• [DIRECTIONS]: Copy every line of the following data that includes the string "Hrab".
==== RECORD EXCERPTS
Lemma near_plaquette a b r : (1 <= a <= 3)%nat -> (1 <= b <= 3)%nat -> a <> b -> in_box B r ->
  (coord a r < B)%nat -> (coord b r < B)%nat ->
  (flipB a r <-> flipB a (shift b r)) /\ ~ (flipB a r /\ flipB b r).
Proof.
  intros Ha Hb N Hr Hca Hcb.
  assert (Hra : in_box B (shift a r)) by (apply in_box_shift; auto).
  assert (Hrb : in_box B (shift b r)) by (apply in_box_shift; auto).
  assert (Hrab : in_box B (shift b (shift a r)))
    by (apply in_box_shift; auto; rewrite coord_shift_other; auto).
  assert (Hrba : in_box B (shift a (shift b r))) by (rewrite shift_comm; auto).
  pose proof etaB_bounds. pose proof g_small.
  destruct (near_everywhere r Hr) as [m Hm].
  assert (Ew2 := edge_near a (shift b r) Ha Hrb Hrba). rewrite shift_comm in Ew2 by auto.
  destruct (plaquette (aff_equiv_near m) (th r) (2*etaB) (rhoB + 20*g)
    (fun p1 p2 H1 H2 Hn => near_aff_near_equiv (th r) m etaB p1 p2 (rhoB + 20*g) Hm H1 H2 Hn
                             ltac:(unfold rhoB; lra))
    (fun p1 p2 H1 H2 HR => aff_equiv_near_near (th r) m etaB p1 p2 Hm H1 H2 ltac:(lra) HR)
    (th (shift a r)) (th (shift b r)) (th (shift b (shift a r))) (5*g) rhoB a b
    (plaquette_rule_near m a b Ha Hb N)
    ltac:(lra) ltac:(lra) ltac:(unfold rhoB; lra) ltac:(lra)
    (edge_near a r Ha Hr Hra) (edge_near b r Hb Hr Hrb) (edge_near b (shift a r) Hb Hra Hrab) Ew2)
    as [C1 [C2 C3]].
  unfold flipB. rewrite (shift_comm a b) by auto. split; tauto.
Qed.

Lemma near_no_flip_same a r n : (1 <= a <= 3)%nat -> in_box B r -> in_box B (shift a r) ->
  ~ flipB a r -> near_mod (th r) (IZR n * (PI/3)) etaB ->
  near_mod (th (shift a r)) (IZR n * (PI/3)) etaB.
Proof.
  intros Ha Hr Hr' F Hn. apply NNPP in F. pose proof etaB_bounds. pose proof g_small.
  destruct (near_everywhere _ Hr') as [n' Hn'].
  apply (near_PI3_mod6 _ n'); auto.
  apply (near_PI3_unique (th (shift a r)) n' n etaB (rhoB + etaB)); auto.
  - eapply near_mod_trans; eauto.
  - unfold rhoB; lra.
Qed.

Lemma near_edge_fine a r t : (1 <= a <= 3)%nat -> in_box B r -> in_box B (shift a r) ->
  near_mod (th r) (IZR t * (PI/3)) etaB -> ((t - phi_idx a) mod 3 <> 0)%Z ->
  (near_mod (th (shift a r)) (th r) (5*g) -> near_mod (th (shift a r)) (th r) epsB) /\
  (near_mod (th (shift a r)) (2*phi a - th r) (5*g) ->
   near_mod (th (shift a r)) (2*phi a - th r) epsB).
Proof.
  intros Ha Hr Hr' Ht Htk. pose proof etaB_bounds. pose proof g_small.
  apply (edge_fine a (th r) (th (shift a r)) g 0.63); auto.
  - apply edge_cos; auto.
  - lra.
  - apply (near_PI3_sin_ge _ t etaB); auto; lra.
Qed.

(* Without flips every site stays near the multiple of π/3 of the origin: condition (b). *)
Lemma near_some_flip : exists a r, (1 <= a <= 3)%nat /\ in_box B r /\ in_box B (shift a r) /\ flipB a r.
Proof.
  apply NNPP. intro NF. destruct near_origin as [n0 H0]. pose proof etaB_bounds.
  apply (not_all_near_PI3 n0 etaB); [lra|]. intros r Hr.
  destruct (box_path_induction B (fun r k => near_mod (th r) (IZR n0 * (PI/3)) etaB)) with (r := r)
    as [k [_ Hn]]; auto.
  - eapply near_mod_weaken; eauto. lra.
  - intros a r' k Ha H1 H2 Hn. apply near_no_flip_same; auto. intro F. apply NF. eauto 10.
Qed.

Section NearFlip.

Variables (a jj : nat) (t t' : Z).
Hypothesis Ha : (1 <= a <= 3)%nat.
Hypothesis Hjj : (jj < B)%nat.
Hypothesis flips_in_a : forall b r, (1 <= b <= 3)%nat -> in_box B r -> in_box B (shift b r) ->
  flipB b r -> b = a.
Hypothesis flips_on_layer : forall q, in_box B q -> coord a q = jj -> flipB a q.
Hypothesis near_t : near_mod (th (base a jj)) (IZR t * (PI/3)) etaB.
Hypothesis near_t' : near_mod (th (base a (S jj))) (IZR t' * (PI/3)) etaB.

Lemma base_in_box : in_box B (base a jj).
Proof. apply in_box_base; auto; lia. Qed.

Lemma base_succ_in_box : in_box B (shift a (base a jj)).
Proof. rewrite shift_base by auto. apply in_box_base; auto. Qed.

Lemma near_flip_reflects : ((t' - (2 * phi_idx a - t)) mod 6 = 0)%Z.
Proof.
  pose proof etaB_bounds. pose proof g_small.
  assert (F := flips_on_layer _ base_in_box (coord_base a jj Ha)).
  destruct (edge_near a _ Ha base_in_box base_succ_in_box) as [C|C].
  - exfalso. apply F. eapply near_mod_weaken; eauto. unfold rhoB; lra.
  - rewrite shift_base in C by auto.
    apply (near_PI3_unique (th (base a (S jj))) t' (2 * phi_idx a - t) etaB (5*g + etaB)); auto; [|lra].
    rewrite <- reflect_IZR_PI3.
    eapply near_mod_trans; [exact C | apply near_mod_reflect; auto].
Qed.

Lemma near_flip_off_axis : ((t - phi_idx a) mod 3 <> 0)%Z.
Proof.
  intro Z0. pose proof etaB_bounds.
  apply (flips_on_layer _ base_in_box (coord_base a jj Ha)).
  apply (near_mod_weaken _ _ (etaB + etaB)); [|unfold rhoB; pose proof g_pos; lra].
  rewrite shift_base by auto. eapply near_mod_trans; [exact near_t'|]. apply near_mod_sym.
  apply (near_PI3_mod6 _ t); auto.
  pose proof near_flip_reflects. Z.div_mod_to_equations; lia.
Qed.

Lemma near_layer j n : near_mod (th (base a j)) (IZR n * (PI/3)) etaB ->
  forall q, in_box B q -> coord a q = j -> near_mod (th q) (IZR n * (PI/3)) etaB.
Proof.
  intros H0 q Hq Hcq.
  destruct (layer_path_induction B a j (fun q k => near_mod (th q) (IZR n * (PI/3)) etaB) Ha)
    with (r := q) as [k [_ Hn]]; auto.
  intros d r' k Hd Hda H1 H2 Hc Hn. apply near_no_flip_same; auto.
  intro F; apply Hda; exact (flips_in_a d r' Hd H1 H2 F).
Qed.

Lemma near_cross q : in_box B q -> coord a q = jj ->
  in_box B (shift a q) /\ near_mod (th (shift a q)) (2*phi a - th q) epsB.
Proof.
  intros Hq Hcq. assert (Hq' : in_box B (shift a q)) by (apply in_box_shift; auto; lia).
  split; auto. pose proof etaB_bounds. pose proof g_small.
  destruct (near_edge_fine a q t Ha Hq Hq' (near_layer jj t near_t q Hq Hcq) near_flip_off_axis)
    as [F1 F2].
  destruct (edge_near a q Ha Hq Hq') as [C|C]; auto.
  exfalso. apply (flips_on_layer q Hq Hcq). eapply near_mod_weaken; eauto. unfold rhoB; lra.
Qed.

Lemma near_inlayer d q n : (1 <= d <= 3)%nat -> d <> a -> in_box B q -> in_box B (shift d q) ->
  near_mod (th q) (IZR n * (PI/3)) etaB -> near_mod (th (shift d q)) (IZR n * (PI/3)) etaB ->
  ((n - phi_idx d) mod 3 <> 0)%Z -> near_mod (th (shift d q)) (th q) epsB.
Proof.
  intros Hd Hda Hq Hq' H1 H2 Hm. pose proof etaB_bounds. pose proof g_small.
  destruct (near_edge_fine d q n Hd Hq Hq' H1 Hm) as [F1 F2].
  destruct (edge_near d q Hd Hq Hq') as [C|C]; auto.
  exfalso. apply Hm.
  assert (X : ((2 * phi_idx d - n - n) mod 6 = 0)%Z).
  { apply (near_PI3_unique (th (shift d q)) (2 * phi_idx d - n) n (5*g + etaB) etaB); auto; [|lra].
    rewrite <- reflect_IZR_PI3.
    eapply near_mod_trans; [exact C | apply near_mod_reflect; auto]. }
  Z.div_mod_to_equations; lia.
Qed.

(* Inside the layer, a [d]-edge is sensitive enough for the fine estimate on at least one of
   the two adjacent layers; the pair of layers is crossed on that side. *)
Lemma near_slab_step d q e : (1 <= d <= 3)%nat -> d <> a -> in_box B q -> in_box B (shift d q) ->
  coord a q = jj ->
  near_mod (th q) (th (base a jj)) e ->
  near_mod (th (shift a q)) (2*phi a - th (base a jj)) (e + epsB) ->
  near_mod (th (shift d q)) (th (base a jj)) (e + 3*epsB) /\
  near_mod (th (shift a (shift d q))) (2*phi a - th (base a jj)) (e + 4*epsB).
Proof.
  intros Hd Hda H1 H2 Hc Hn1 Hn2. set (x := th (base a jj)) in *.
  pose proof epsB_pos as He.
  assert (Hc2 : coord a (shift d q) = jj) by (rewrite coord_shift_other; auto).
  destruct (near_cross q H1 Hc) as [H1a _].
  destruct (near_cross (shift d q) H2 Hc2) as [H2a X2].
  assert (Hca1 : coord a (shift a q) = S jj) by (rewrite coord_shift_same; auto).
  assert (near_t'_layer := near_layer (S jj) t' near_t').
  destruct (phi_idx_escape a d t t' Ha Hd Hda near_flip_reflects near_flip_off_axis) as [Dt|Dt].
  - assert (E1 := near_inlayer d q t Hd Hda H1 H2 (near_layer jj t near_t q H1 Hc)
                    (near_layer jj t near_t _ H2 Hc2) Dt).
    assert (N1 : near_mod (th (shift d q)) x (e + 3*epsB))
      by (eapply near_mod_weaken; [eapply near_mod_trans; eauto | lra]).
    split; auto.
    eapply near_mod_weaken; [eapply near_mod_trans; [exact X2 | apply near_mod_reflect, N1] | lra].
  - assert (Hs1 : in_box B (shift d (shift a q))).
    { apply in_box_shift; auto. rewrite coord_shift_other; auto. eapply in_box_shift_lt; eauto. }
    assert (E2 := near_inlayer d (shift a q) t' Hd Hda H1a Hs1 (near_t'_layer _ H1a Hca1)
                    (near_t'_layer _ Hs1 ltac:(rewrite coord_shift_other; auto)) Dt).
    rewrite (shift_comm d a) in E2 by auto.
    assert (N2 := near_mod_trans _ _ _ _ _ E2 Hn2).
    split; [|eapply near_mod_weaken; [exact N2 | lra]].
    assert (Y : near_mod (th (shift d q)) (2*phi a - th (shift a (shift d q))) epsB).
    { rewrite <- (reflect_reflect a (th (shift d q))). apply near_mod_reflect, near_mod_sym. auto. }
    apply near_mod_weaken with (epsB + (epsB + (e + epsB))); [|lra].
    eapply near_mod_trans; [exact Y|].
    rewrite <- (reflect_reflect a x). apply near_mod_reflect. exact N2.
Qed.

Lemma near_slab q : in_box B q -> coord a q = jj ->
  near_mod (th q) (th (base a jj)) ((6 * INR B + 1) * epsB) /\
  near_mod (th (shift a q)) (2*phi a - th (base a jj)) ((6 * INR B + 2) * epsB).
Proof.
  intros Hq Hcq. pose proof epsB_pos as He.
  destruct (layer_path_induction B a jj (fun q k =>
      near_mod (th q) (th (base a jj)) ((3 * INR k + 1) * epsB) /\
      near_mod (th (shift a q)) (2*phi a - th (base a jj)) ((3 * INR k + 2) * epsB)) Ha)
    with (r := q) as [k [Hk [Hn1 Hn2]]]; auto.
  - simpl. split; [apply near_mod_refl; lra|].
    eapply near_mod_weaken; [apply (near_cross _ base_in_box (coord_base a jj Ha)) | lra].
  - intros d q1 k Hd Hda H1 H2 Hc [Hn1 Hn2]. rewrite S_INR.
    destruct (near_slab_step d q1 ((3 * INR k + 1) * epsB) Hd Hda H1 H2 Hc Hn1
                (near_mod_weaken _ _ _ ((3 * INR k + 1) * epsB + epsB) Hn2 ltac:(lra))) as [N1 N2].
    split; eapply near_mod_weaken; eauto; lra.
  - pose proof (INR_le_mul 2 B k Hk). simpl in *. split; eapply near_mod_weaken; eauto; nra.
Qed.

Lemma near_not_aligned ts : near_mod (th (base a jj)) ts (Del/4) -> ~ aligned kap a ts.
Proof.
  intros Hts Hal. destruct (aligned_near_PI3 a ts Ha Hal) as [tn [Htn [_ Hm3]]].
  pose proof etaB_bounds. destruct Del_bounds as [HDel HBg].
  apply near_flip_off_axis.
  assert (X : ((t - tn) mod 6 = 0)%Z).
  { apply (near_PI3_unique (th (base a jj)) t tn etaB (Del/4 + kap)); auto.
    - eapply near_mod_trans; eauto.
    - lra. }
  Z.div_mod_to_equations; lia.
Qed.

Lemma near_flip_covered ts : near_mod (th (base a jj)) ts (Del/4) -> covered ts.
Proof.
  intros Hts. right. exists a, (S jj). split; auto. split; [lia|].
  pose proof INR_B_ge_1. pose proof g_small. pose proof epsB_pos.
  destruct Del_bounds as [HDel HBg].
  assert (HEB : (6 * INR B + 2) * epsB + Del/4 < Del).
  { assert (INR B * (g*g) = kap * (INR B * (g * g) / kap)) by (field; lra).
    unfold epsB. rewrite HDel. nra. }
  split; [exact (near_not_aligned ts Hts)|]. split; [exact bad_sw|]. split.
  - intros q Hq Hcq. replace (S jj - 1)%nat with jj in Hcq by lia.
    destruct (near_slab q Hq Hcq) as [X _].
    eapply near_mod_weaken; [eapply near_mod_trans; [exact X | exact Hts] | lra].
  - intros q' Hq' Hcq'. set (q := upd a jj q').
    assert (Hq : in_box B q) by (apply in_box_upd; auto; lia).
    assert (Hcq : coord a q = jj) by (apply coord_upd_same; auto).
    assert (Eq : shift a q = q').
    { unfold q. replace jj with (coord a q' - 1)%nat by lia. apply shift_upd_pred; auto; lia. }
    destruct (near_slab q Hq Hcq) as [_ X]. rewrite Eq in X.
    eapply near_mod_weaken; [eapply near_mod_trans; [exact X | apply near_mod_reflect; exact Hts] | lra].
Qed.

End NearFlip.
========
• [WRITTEN REPLY]:
  assert (Hrab : in_box B (shift b (shift a r)))
    (edge_near a r Ha Hr Hra) (edge_near b r Hb Hr Hrb) (edge_near b (shift a r) Hb Hra Hrab) Ew2)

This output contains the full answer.